1,2…トンネル、11,11A,21…収容部、12…凹溝、3,3’,3A…接合体、31,31A,31B…エレメント管、32,33,34…突起、4…充填材、51…引張材、51a…アンカー、6…コンクリート、100,200,300,400,500…接続構造、1000…3連円弧トンネル、G…地盤

Claims (5)

  1. 併設するトンネルと、双方のトンネルを繋ぐ接合体と、からなる少なくとも3連以上の多連円弧状トンネルの施工方法であって、
    地中に併設するトンネルを構築するとともに、該トンネルのうち前記接合体と接続される箇所には該接合体の一部が収容される収容部が形成されている第1の工程と、
    前記トンネルの間に該トンネルの軸方向に沿う複数のエレメント管が円弧状に構築され、かつ、両端のエレメント管の一部は前記トンネルの収容部に収容される第2の工程と、
    前記接合体と双方のトンネルで包囲された領域の地盤を掘削し、トンネルの一部を撤去して本設構造体を構築する第3の工程と、を少なくとも具備し、
    前記収容部は、トンネルの外周においてその軸方向に沿う凹溝と該凹溝内に充填硬化された充填材とから形成されており、エレメント管を施工する掘進機が該充填材を切削しながら接合体端部のエレメント管の一部を収容部に収容することを特徴とする多連円弧状トンネルの施工方法。
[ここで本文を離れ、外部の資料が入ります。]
Lemma normal_form_germ (f df : R -> R) : smooth1 f ->
  (forall y, derivable_pt_lim f y (df y)) -> f 0 = 0 -> df 0 <> 0 ->
  exists (U : R2 -> Prop) (psi : R2 -> R2),
    diffeo_germ U psi /\ preserves_liouville_on U psi /\
    pushforward_eq_on U psi (fun p => (- fst p * df (snd p), f (snd p)))
      (fun q => (- df 0 * fst q, df 0 * snd q)).
Proof.
  intros [Df [HD0 HD]] Hdf Hf0 Ha.
  destruct (hadamard Df HD) as [Gt [HGt [Hfg Hg0]]].
  destruct (hadamard Gt HGt) as [Wt [HWt [Hgw _]]].
  assert (Hfy : forall y, f y = y * Gt O y) by (intros y; rewrite <- !HD0, Hfg, HD0, Hf0; ring).
  assert (Hga : Gt O 0 = df 0).
  { rewrite Hg0. apply (uniqueness_limite f 0); auto.
    apply (derivable_pt_lim_ext (Df O)); auto. }
  destruct (linearizing_coordinate (Gt O) (Wt O) (df 0)) as [r [h [hp [Hr [Hh0 [Hhp Hh]]]]]];
    auto using smooth_on_tower.
  { intros y; rewrite Hgw, Hga; reflexivity. }
  set (s := r / 2). set (Iu := interval_oo (- s) s).
  assert (Hs : 0 < s) by (unfold s; lra).
  assert (HIu : forall y, - s <= y <= s -> interval_oo (- r) r y)
    by (intros y Hy; unfold interval_oo, s in *; lra).
  assert (Hder : forall y, - s <= y <= s -> derivable_pt_lim h y (hp y))
    by (intros y Hy; apply Hh, HIu, Hy).
  assert (Hpos : forall y, - s <= y <= s -> 0 < hp y) by (intros y Hy; apply Hh, HIu, Hy).
  assert (HIu' : forall y, Iu y -> - s <= y <= s) by (intros y [H1 H2]; lra).
  assert (Hn : forall y, Iu y -> hp y <> 0)
    by (intros y Hy; specialize (Hpos y (HIu' y Hy)); lra).
  assert (HhpU : smooth_on Iu hp)
    by (apply (smooth_on_subset (interval_oo (- r) r)); auto).
  exists (strip Iu), (fibre_chart h hp). split; [|split].
  - apply (fibre_chart_diffeo_germ Iu (interval_oo (h (- s)) (h s)) h hp (interval_inverse h s)).
    + apply interval_oo_open.
    + apply interval_oo_open.
    + unfold Iu, interval_oo; lra.
    + exact Hh0.
    + apply (smooth_on_antiderivative Iu h hp); auto.
    + exact HhpU.
    + exact Hn.
    + apply (interval_inverse_smooth h hp s); auto.
    + intros y Hy. split; [apply (interval_maps h hp s); auto|].
      apply (interval_inverse_cancel h hp s); auto.
    + intros v Hv. apply (interval_inverse_maps h hp s); auto.
  - apply fibre_chart_preserves_liouville; auto.
  - apply fibre_chart_pushforward; auto.
    + apply interval_oo_open.
    + intros y Hy. rewrite Hfy. apply Hh, HIu, HIu', Hy.
Qed.
Lemma rest_decr i j : (i <= j)%N -> rest j \subset rest i.
Proof.
elim: j => [|j IH]; first by rewrite leqn0 => /eqP ->.
rewrite leq_eqVlt ltnS => /predU1P [-> // | leij].
exact: subset_trans (subsetDl _ _) (IH leij).
Qed.

Lemma cell_rest x i k : x \in cell i.+1 -> (k <= i)%N -> x \in rest k.
Proof. by move=> /(subsetP (cell_sub_rest i)) xi /rest_decr /subsetP; apply. Qed.

Lemma cell_uniq x i j : x \in cell i.+1 -> x \in cell j.+1 -> i = j.
Proof.
have notin_cell k l : (k < l)%N -> x \in cell l.+1 -> x \notin cell k.+1.
  by move=> ltkl /cell_rest /(_ ltkl); rewrite rest_succ inE => /andP [].
move=> xi xj; case: (ltngtP i j) => // [ltij | ltji].
  by rewrite (negbTE (notin_cell _ _ ltij xj)) in xi.
by rewrite (negbTE (notin_cell _ _ ltji xi)) in xj.
Qed.

Lemma notin_rest_cell x m : x \notin rest m -> exists2 k, (k < m)%N & x \in cell k.+1.
Proof.
elim: m => [|m IH]; first by rewrite inE.
case: (boolP (x \in rest m)) => [xm | /IH [k ltkm xk] _].
  by rewrite rest_succ inE xm andbT negbK; exists m.
by exists k; rewrite // ltnW.
Qed.

Lemma rest_card_eq0 :
  (forall k, rest k != set0 -> cell k.+1 != set0) -> rest #|W| = set0.
Proof.
move=> cell_neq0.
have card_rest k : (rest k == set0) || (k + #|rest k| <= #|W|)%N.
  elim: k => [|k IH]; first by rewrite cardsT leqnn orbT.
  case: (eqVneq (rest k) set0) => [rk0 | /[dup] rk_neq0 /cell_neq0 /set0Pn [x xk]].
    by rewrite rest_succ rk0 set0D eqxx.
  rewrite (negbTE rk_neq0) /= in IH; apply/orP; right; apply: leq_trans IH.
  rewrite addSn ltn_add2l; apply/proper_card/properP; split; first exact: subsetDl.
  by exists x; [exact: subsetP (cell_sub_rest k) x xk | rewrite rest_succ inE xk].
have /predU1P [//|] := card_rest #|W|.
by rewrite -[X in (_ <= X)%N]addn0 leq_add2l leqn0 cards_eq0 => /eqP.
Qed.

Lemma le_cell_minset (c : tpo W) :
    (forall n, cell n.+1 = minset c (rest n)) ->
  forall x y k l, x \in cell k.+1 -> y \in cell l.+1 -> le c x y = (k <= l)%N.
Proof.
move=> cellE x y k l; rewrite !cellE => xk yl; case: (leqP k l) => [lekl | ltlk].
  exact: minset_le xk (subsetP (rest_decr lekl) _ (minset_mem yl)).
apply/negbTE/negP => lexy.
have xl1 : x \in rest l.+1 := subsetP (rest_decr ltlk) _ (minset_mem xk).
move: (xl1); rewrite rest_succ cellE inE => /andP [/negP xnmin _]; apply: xnmin.
exact: minset_le_mem yl (subsetP (rest_decr (leqnSn l)) _ xl1) lexy.
Qed.

End Peeling.
Definition nu_algebra (K : fieldType) (A : lmodType K) (mulA : A -> A -> A) : Prop :=
  [/\ associative mulA,
      (forall a, linear (mulA a)) &
      (forall a, linear (fun b => mulA b a))].

Inductive rideal (K : fieldType) (A : lmodType K) (mulA : A -> A -> A)
    (S : A -> Prop) : A -> Prop :=
  | rideal_gen a : S a -> rideal mulA S a
  | rideal_0 : rideal mulA S 0
  | rideal_add a b : rideal mulA S a -> rideal mulA S b -> rideal mulA S (a + b)
  | rideal_scale k a : rideal mulA S a -> rideal mulA S (k *: a)
  | rideal_rmul a b : rideal mulA S a -> rideal mulA S (mulA a b).

Definition classes (T : Type) (R : T -> T -> Prop) : Type :=
  {C : T -> Prop | exists x, C = R x}.

(* A tagged reduction by q subtracts a multiple of -|q v and an untagged one
   by p a multiple of -|w p v, so f <->*_F g forces f - g into <Q>^r + <P>,
   the right ideal of K[X^dagger] generated by Q plus the two-sided ideal
   generated by P.  Conversely, if s is such a generator with leading term m,
   then for any g the polynomials g and g + k s either reduce one to the other
   or both reduce to the same polynomial by eliminating their coefficient at
   m; hence adding an element of <Q>^r + <P> stays within a <->*_F class.
   Since theta maps <Q>^r onto <Q'>^r and has kernel <P>, f - g lies in
   <Q>^r + <P> exactly when theta f ~ theta g, and theta induces the
   bijection. *)

From HB Require Import structures.
From mathcomp Require Import all_boot all_order all_algebra.
From mathcomp Require Import finmap.
From mathcomp.multinomials Require Import monalg.
From Stdlib Require Import Relation_Operators.
From Stdlib Require Import FunctionalExtensionality PropExtensionality ProofIrrelevance.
  2. 前記エレメント管はその側面端部に係合部を具備しており、隣接するエレメント管が該係合部同士で相互に接合されることで本設接合体が形成されることを特徴とする請求項1記載の多連円弧状トンネルの施工方法。
  3. 複数のエレメント管が円弧状に構築された後にエレメント管同士を連通させ、エレメント管の内部を鉄筋コンクリート造とすることで本設接合体が形成され、該鉄筋コンクリート造を形成する引張材であって円弧に沿う方向に延設する引張材の端部が前記収容部で固定されることを特徴とする請求項1記載の多連円弧状トンネルの施工方法。
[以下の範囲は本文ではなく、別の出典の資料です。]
(* Let $r\ge1$, let $G=(V,A)$ be a weakly connected directed graph with distinct nodes $s,t$. Then the function $\mathbb{R}_{\ge0}^A\to\mathbb{R}\cup\{\infty\}$, $y\mapsto R^y_{s,t}$, is convex.
   Context: Fix $r\ge1$. For $y\in\mathbb{R}_{\ge 0}^A$ let $\operatorname{supp}(y)=\{a\in A: y_a>0\}$, let $G'=(V,\operatorname{supp}(y))$ with node-arc incidence matrix $\Gamma'$ (entry $+1$ if the arc leaves the node, $-1$ if it enters, $0$ otherwise). Define $R^y_{s,t}=\min\{\sum_{a\in\operatorname{supp}(y)} |f_a|^{r+1}/y_a^{r} : f\in\mathbb{R}^{\operatorname{supp}(y)},\ \Gamma' f=\mathbf{1}_s-\mathbf{1}_t\}$, with $R^y_{s,t}=\infty$ if $s$ and $t$ are not connected in $G'$. *)

From HB Require Import structures.
From mathcomp Require Import all_boot all_order all_algebra.
From mathcomp Require Import all_classical all_reals all_analysis.
Set Implicit Arguments. Unset Strict Implicit. Unset Printing Implicit Defensive.
Import Order.TTheory GRing.Theory Num.Theory.
Local Open Scope classical_set_scope.
Local Open Scope ring_scope.

Definition weakly_connected (V A : finType) (src tgt : A -> V) : Prop :=
  forall u v : V,
    connect (fun x y => [exists a : A,
      ((src a == x) && (tgt a == y)) || ((src a == y) && (tgt a == x))]) u v.

Definition supp (R : realType) (A : finType) (y : A -> R) : pred A :=
  fun a => 0 < y a.

(* s and t connected in G' = (V, supp y) (undirected sense, as in the paper's
   "not connected in G'"). *)
Definition connected_in_supp (R : realType) (V A : finType) (src tgt : A -> V)
    (y : A -> R) (s t : V) : bool :=
  connect (fun x z => [exists a : A, (a \in supp y) &&
      (((src a == x) && (tgt a == z)) || ((src a == z) && (tgt a == x)))]) s t.

Definition incid (R : realType) (V A : finType) (src tgt : A -> V) (v : V) (a : A) : R :=
  (src a == v)%:R - (tgt a == v)%:R.

(* f in R^{supp y} (encoded as f : A -> R vanishing off supp y) with Γ' f = 1_s - 1_t *)
Definition st_flow (R : realType) (V A : finType) (src tgt : A -> V)
    (y : A -> R) (s t : V) (f : A -> R) : Prop :=
  (forall a, a \notin supp y -> f a = 0) /\
  (forall v : V, \sum_(a | a \in supp y) incid R src tgt v a * f a
                 = (v == s)%:R - (v == t)%:R).

Definition flow_cost (R : realType) (A : finType) (r : R) (y f : A -> R) : R :=
  \sum_(a | a \in supp y) (`|f a| `^ (r + 1) / (y a) `^ r).

(* R^y_{s,t}: +oo if s,t not connected in G', otherwise the minimum
   (taken as the infimum, which is attained) of the flow cost. *)
Definition Rst (R : realType) (V A : finType) (src tgt : A -> V) (r : R)
    (s t : V) (y : A -> R) : \bar R :=
  if connected_in_supp src tgt y s t then
    ereal_inf [set (flow_cost r y f)%:E | f in [set f | st_flow src tgt y s t f]]
  else +oo%E.

(* Each arc contributes the perspective [y * (|f| / y)^(r+1)] of the convex
   power function, which is jointly convex in (y, f).  A convex combination of
   an s-t flow for y1 and one for y2 is an s-t flow for the combined capacity,
   so its cost bounds R^y from above by the convex combination of the costs;
   taking near-optimal flows for y1 and y2 gives convexity of y |-> R^y. *)
From HB Require Import structures.
From mathcomp Require Import all_boot all_order all_algebra.
From mathcomp Require Import all_classical all_reals all_analysis.
From mathcomp Require Import ring.
Set Implicit Arguments. Unset Strict Implicit. Unset Printing Implicit Defensive.
Import Order.TTheory GRing.Theory Num.Theory.
Local Open Scope ring_scope.

Section Perspective.
Variable R : realType.
Implicit Types p r y u v lam : R.

Definition persp p y u : R := y * (u / y) `^ p.

Lemma mulr_divK_cond y u : (y = 0 -> u = 0) -> y * (u / y) = u.
Proof.
have [->|y0] := eqVneq y 0; first by move=> /(_ erefl) ->; rewrite mul0r.
by rewrite mulrC divfK.
Qed.

Lemma persp_ge0 p y u : 0 <= y -> 0 <= persp p y u.
Proof. by move=> y0; rewrite mulr_ge0 ?powR_ge0. Qed.

Lemma persp_le p y u v : 0 <= p -> 0 <= y -> 0 <= u <= v -> persp p y u <= persp p y v.
Proof.
move=> p0 y0 /andP[u0 uv]; rewrite ler_wpM2l // ge0_ler_powR ?nnegrE ?divr_ge0 ?(le_trans u0 uv) //.
by rewrite ler_wpM2r ?invr_ge0.
Qed.

Lemma persp_powR r y u : 0 <= r -> 0 < y -> 0 <= u ->
  persp (r + 1) y u = u `^ (r + 1) / y `^ r.
Proof.
move=> r0 y0 u0; have yr_neq0 : y `^ r != 0 by rewrite gt_eqF ?powR_gt0.
apply: (mulIf yr_neq0); rewrite divfK // /persp mulrAC.
rewrite -{1}(powRr1 (ltW y0)) -powRD ?gt_eqF ?ltr_wpDr // (addrC 1 r).
by rewrite -powRM ?divr_ge0 ?(ltW y0) // mulrC divfK ?gt_eqF.
Qed.

Lemma powR_conv p lam u v : 1 <= p -> 0 <= lam <= 1 -> 0 <= u -> 0 <= v ->
  (lam * u + (1 - lam) * v) `^ p <= lam * u `^ p + (1 - lam) * v `^ p.
Proof.
move=> p1 /andP[l0 l1] u0 v0.
have := @convex_powR R p p1 (Itv01 l0 l1) u v.
by rewrite !inE /= !in_itv /= !andbT; apply.
Qed.

(* With [w := lam y1 / y], the ratio [u / y] of the combination is the
   [w]-combination of the ratios [u_i / y_i], to which convexity of [powR]
   applies. *)
Lemma persp_convex p lam y1 y2 u1 u2 : 1 <= p -> 0 <= lam <= 1 ->
  0 <= y1 -> 0 <= y2 -> 0 <= u1 -> 0 <= u2 ->
  (y1 = 0 -> u1 = 0) -> (y2 = 0 -> u2 = 0) ->
  persp p (lam * y1 + (1 - lam) * y2) (lam * u1 + (1 - lam) * u2)
  <= lam * persp p y1 u1 + (1 - lam) * persp p y2 u2.
Proof.
move=> p1 /andP[lam_ge0 lam_le1] y1_ge0 y2_ge0 u1_ge0 u2_ge0 hu1 hu2.
have lamc_ge0 : 0 <= 1 - lam by rewrite subr_ge0.
set y := lam * y1 + (1 - lam) * y2.
have [y0|y_neq0] := eqVneq y 0.
  by rewrite /persp y0 mul0r addr_ge0 // mulr_ge0 // persp_ge0.
have y_ge0 : 0 <= y by rewrite addr_ge0 ?mulr_ge0.
set w := lam * y1 / y.
have w_ge0 : 0 <= w by rewrite divr_ge0 ?mulr_ge0.
have wc : 1 - w = (1 - lam) * y2 / y.
  by apply: (mulIf y_neq0); rewrite mulrBl !divfK // mul1r /y addrC addKr.
have w_le1 : w <= 1 by rewrite -subr_ge0 wc divr_ge0 ?mulr_ge0.
have ratio : (lam * u1 + (1 - lam) * u2) / y = w * (u1 / y1) + (1 - w) * (u2 / y2).
  by rewrite wc /w -{1}(mulr_divK_cond hu1) -{1}(mulr_divK_cond hu2); ring.
rewrite /persp ratio.
apply: le_trans (ler_wpM2l y_ge0 (powR_conv _ _ _ _)) _;
  rewrite ?w_le1 ?divr_ge0 ?mulr_ge0 //.
by rewrite wc /w le_eqVlt; apply/orP; left; apply/eqP; field.
Qed.

End Perspective.

Lemma lee_conv_from_above (R : realType) (lam : R) (z x1 x2 : \bar R) :
  0 < lam < 1 -> (0 <= x1)%E -> (0 <= x2)%E ->
  (forall c1 c2 : R, (x1 < c1%:E)%E -> (x2 < c2%:E)%E ->
     (z <= (lam * c1 + (1 - lam) * c2)%:E)%E) ->
  (z <= lam%:E * x1 + (1 - lam)%:E * x2)%E.
Proof.
move=> /andP[l0 l1] x10 x20 above.
have l1' : 0 < 1 - lam by rewrite subr_gt0.
have pinfty (c : R) (x : \bar R) : 0 < c -> (0 <= x)%E -> (c%:E * +oo + x = +oo)%E.
  move=> c0 x0; rewrite mulry gtr0_sg // mul1e addye //.
  by apply: contraTN x0 => /eqP ->.
have [->|x1fin] := eqVneq x1 +oo%E.
  by rewrite pinfty ?leey // mule_ge0 // lee_fin ltW.
have [->|x2fin] := eqVneq x2 +oo%E.
  by rewrite addeC pinfty ?leey // mule_ge0 // lee_fin ltW.
case: x1 above x10 x1fin => [c1| |] // above _ _.
case: x2 above x20 x2fin => [c2| |] // above _ _.
apply/lee_addgt0Pr => e e0.
have -> : (lam%:E * c1%:E + (1 - lam)%:E * c2%:E + e%:E
    = (lam * (c1 + e) + (1 - lam) * (c2 + e))%:E)%E.
  by rewrite -!EFinM -!EFinD; congr EFin; ring.
by apply: above; rewrite lte_fin ltrDl.
Qed.

Section Flows.
Variables (R : realType) (V A : finType) (src tgt : A -> V) (s t : V).
Implicit Types (y f : A -> R) (r : R).

Lemma flow_cost_persp r y f : 0 <= r -> (forall a, 0 <= y a) ->
  flow_cost r y f = \sum_a persp (r + 1) (y a) `|f a|.
Proof.
move=> r0 y0; rewrite /flow_cost big_mkcond /=; apply: eq_bigr => a _.
rewrite unfold_in /supp; case: ltgtP (y0 a) => // [ya|<-] _.
  by rewrite persp_powR.
by rewrite /persp mul0r.
Qed.

Lemma Rst_ge0 r y : (0 <= Rst src tgt r s t y)%E.
Proof.
rewrite /Rst; case: ifP => _ //; apply: le_ereal_inf_tmp => _ [f _ <-].
by rewrite lee_fin sumr_ge0 // => a _; rewrite divr_ge0 ?powR_ge0.
Qed.

Lemma Rst_le_flow_cost r y f : connected_in_supp src tgt y s t ->
  st_flow src tgt y s t f -> (Rst src tgt r s t y <= (flow_cost r y f)%:E)%E.
Proof. by rewrite /Rst => -> hf; apply: ereal_inf_lbound; exists f. Qed.

Lemma Rst_lt_flow_cost r y (c : R) : (Rst src tgt r s t y < c%:E)%E ->
  connected_in_supp src tgt y s t /\
  exists2 f, st_flow src tgt y s t f & flow_cost r y f < c.
Proof.
rewrite /Rst; case: ifP => // conn /ereal_inf_lt[_ [f hf <-]].
by rewrite lte_fin; split; last exists f.
Qed.

Lemma sum_supp y f (g : A -> R) : (forall a, a \notin supp y -> f a = 0) ->
  \sum_(a | a \in supp y) g a * f a = \sum_a g a * f a.
Proof.
move=> hf; rewrite big_mkcond /=; apply: eq_bigr => a _.
by case: ifPn => // /hf ->; rewrite mulr0.
Qed.

Variables (lam : R) (y1 y2 : A -> R).
Hypotheses (lam_gt0 : 0 < lam) (lam_lt1 : lam < 1).
Hypotheses (y1_ge0 : forall a, 0 <= y1 a) (y2_ge0 : forall a, 0 <= y2 a).

Local Notation mix g1 g2 := (fun a => lam * g1 a + (1 - lam) * g2 a).

Let lam_ge0 : 0 <= lam. Proof. exact: ltW. Qed.
Let lamc_gt0 : 0 < 1 - lam. Proof. by rewrite subr_gt0. Qed.
Let lamc_ge0 : 0 <= 1 - lam. Proof. exact: ltW. Qed.

Lemma supp_mix a : (a \in supp (mix y1 y2)) = (a \in supp y1) || (a \in supp y2).
Proof.
rewrite !unfold_in /supp !lt0r y1_ge0 y2_ge0 !andbT.
rewrite addr_ge0 ?mulr_ge0 // andbT.
by rewrite paddr_eq0 ?mulr_ge0 // !mulf_eq0 (gt_eqF lam_gt0) (gt_eqF lamc_gt0) negb_and.
Qed.

Lemma connected_mix : connected_in_supp src tgt y1 s t ->
  connected_in_supp src tgt (mix y1 y2) s t.
Proof.
apply: connect_sub => x z /existsP[a /andP[ha hxz]].
by apply: connect1; apply/existsP; exists a; rewrite supp_mix ha.
Qed.

Lemma st_flow_mix f1 f2 : st_flow src tgt y1 s t f1 -> st_flow src tgt y2 s t f2 ->
  st_flow src tgt (mix y1 y2) s t (mix f1 f2).
Proof.
move=> [off1 bal1] [off2 bal2].
have off a : a \notin supp (mix y1 y2) -> mix f1 f2 a = 0.
  by rewrite supp_mix negb_or => /andP[/off1 -> /off2 ->]; rewrite !mulr0 addr0.
split=> // v; rewrite (sum_supp _ off).
under eq_bigr do rewrite mulrDr !(mulrCA (incid R src tgt v _)).
rewrite big_split /= -!mulr_sumr -(sum_supp _ off1) -(sum_supp _ off2) bal1 bal2.
by rewrite -mulrDl subrKC mul1r.
Qed.

Lemma flow_cost_mix r f1 f2 : 1 <= r ->
  st_flow src tgt y1 s t f1 -> st_flow src tgt y2 s t f2 ->
  flow_cost r (mix y1 y2) (mix f1 f2)
  <= lam * flow_cost r y1 f1 + (1 - lam) * flow_cost r y2 f2.
Proof.
move=> r1 [off1 _] [off2 _].
have r0 : 0 <= r by apply: le_trans r1.
have ymix_ge0 a : 0 <= mix y1 y2 a by rewrite addr_ge0 ?mulr_ge0.
have vanish y f (off : forall a, a \notin supp y -> f a = 0) a :
    y a = 0 -> `|f a| = 0.
  by move=> ya; rewrite off ?normr0 // unfold_in /supp ya ltxx.
rewrite !flow_cost_persp // !mulr_sumr -big_split /=; apply: ler_sum => a _.
apply: (@le_trans _ _ (persp (r + 1) (mix y1 y2 a) (lam * `|f1 a| + (1 - lam) * `|f2 a|))).
  apply: persp_le; rewrite ?addr_ge0 ?mulr_ge0 ?normr_ge0 //=.
  by rewrite (le_trans (ler_normD _ _)) // !normrM (ger0_norm lam_ge0) (ger0_norm lamc_ge0).
apply: persp_convex (vanish _ _ off1 a) (vanish _ _ off2 a);
  by rewrite ?lerDr ?lam_ge0 ?(ltW lam_lt1).
Qed.

End Flows.

Theorem lemma3 (R : realType) (V A : finType) (src tgt : A -> V) (r : R) (s t : V)
    (hr : 1 <= r) (hG : weakly_connected src tgt) (hst : s != t)
    (y1 y2 : A -> R) (hy1 : forall a, 0 <= y1 a) (hy2 : forall a, 0 <= y2 a)
    (lam : R) (hlam0 : 0 < lam) (hlam1 : lam < 1) :
  (Rst src tgt r s t (fun a => (lam * y1 a + (1 - lam) * y2 a)%R)
    <= lam%:E * Rst src tgt r s t y1 + (1 - lam)%:E * Rst src tgt r s t y2)%E.
Proof.
apply: lee_conv_from_above; rewrite ?hlam0 ?hlam1 ?Rst_ge0 // => c1 c2.
move=> /Rst_lt_flow_cost[conn1 [f1 hf1 cost1]] /Rst_lt_flow_cost[_ [f2 hf2 cost2]].
have conn := connected_mix hlam0 hlam1 hy1 hy2 conn1.
have hf := st_flow_mix hlam0 hlam1 hy1 hy2 hf1 hf2.
apply: le_trans (Rst_le_flow_cost r conn hf) _.
rewrite lee_fin (le_trans (flow_cost_mix hlam0 hlam1 hy1 hy2 hr hf1 hf2)) //.
by rewrite lerD // ler_wpM2l ?subr_ge0 ?ltW.
Qed.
  4. 併設するトンネルと、双方のトンネルを繋ぐ接合体と、からなる少なくとも3連以上の多連円弧状トンネルにおける、トンネルと接合体との接続構造であって、
    前記トンネルにおいて前記接合体と接続される箇所には該接合体の一部が収容される収容部が形成されており、双方のトンネルの間に構築され、該トンネルの軸方向に沿う複数のエレメント管が円弧状に構築されてなる接合体の端部のエレメント管の一部が該収容部に収容されており、
    前記収容部は、トンネルの外周においてその軸方向に沿う凹溝と該凹溝内に充填硬化された充填材とから形成されており、接合体端部のエレメント管の一部が充填材を切欠いて接合体とトンネルが繋げられていることを特徴とする多連円弧状トンネルのトンネルと接合体との接続構造。
  5. 前記エレメント管同士は連通しており、エレメント管の内部が鉄筋コンクリート造に形成され、該鉄筋コンクリート造を形成する引張材であって円弧に沿う方向に延設する引張材の端部が前記収容部で固定されていることを特徴とする請求項に記載の多連円弧状トンネルのトンネルと接合体との接続構造。